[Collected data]

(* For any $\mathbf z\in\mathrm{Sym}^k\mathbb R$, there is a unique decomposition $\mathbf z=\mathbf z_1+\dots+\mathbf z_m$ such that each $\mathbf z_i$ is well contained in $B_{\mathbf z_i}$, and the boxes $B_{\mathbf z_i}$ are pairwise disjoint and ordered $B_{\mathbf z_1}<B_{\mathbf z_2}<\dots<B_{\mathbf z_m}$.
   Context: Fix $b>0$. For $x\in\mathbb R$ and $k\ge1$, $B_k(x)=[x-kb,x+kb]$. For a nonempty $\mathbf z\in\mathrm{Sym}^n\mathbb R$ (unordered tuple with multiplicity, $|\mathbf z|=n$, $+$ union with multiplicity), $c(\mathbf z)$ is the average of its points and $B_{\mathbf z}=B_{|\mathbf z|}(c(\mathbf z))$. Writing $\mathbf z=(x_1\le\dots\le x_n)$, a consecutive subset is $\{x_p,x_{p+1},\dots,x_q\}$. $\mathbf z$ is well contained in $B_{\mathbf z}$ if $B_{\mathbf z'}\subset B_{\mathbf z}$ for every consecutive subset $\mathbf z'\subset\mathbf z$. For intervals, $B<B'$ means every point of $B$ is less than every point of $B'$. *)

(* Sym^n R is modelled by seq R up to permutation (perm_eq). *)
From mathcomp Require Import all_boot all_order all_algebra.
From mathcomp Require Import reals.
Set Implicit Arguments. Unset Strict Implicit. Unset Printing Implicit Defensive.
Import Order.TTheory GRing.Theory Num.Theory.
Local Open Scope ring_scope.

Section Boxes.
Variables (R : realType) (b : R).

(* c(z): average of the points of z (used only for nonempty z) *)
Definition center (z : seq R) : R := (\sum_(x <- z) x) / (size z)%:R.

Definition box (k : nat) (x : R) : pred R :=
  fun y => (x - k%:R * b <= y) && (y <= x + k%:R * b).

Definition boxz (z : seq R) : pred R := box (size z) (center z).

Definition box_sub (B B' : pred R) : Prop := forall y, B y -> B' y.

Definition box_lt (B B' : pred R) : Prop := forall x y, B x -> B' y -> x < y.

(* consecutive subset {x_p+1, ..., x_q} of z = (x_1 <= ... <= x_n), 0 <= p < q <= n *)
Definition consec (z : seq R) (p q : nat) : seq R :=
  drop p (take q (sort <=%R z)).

** Task details **
In the entries above, identify every line with the word "size". Copy those lines.

** Task answer **
Definition center (z : seq R) : R := (\sum_(x <- z) x) / (size z)%:R.
Definition boxz (z : seq R) : pred R := box (size z) (center z).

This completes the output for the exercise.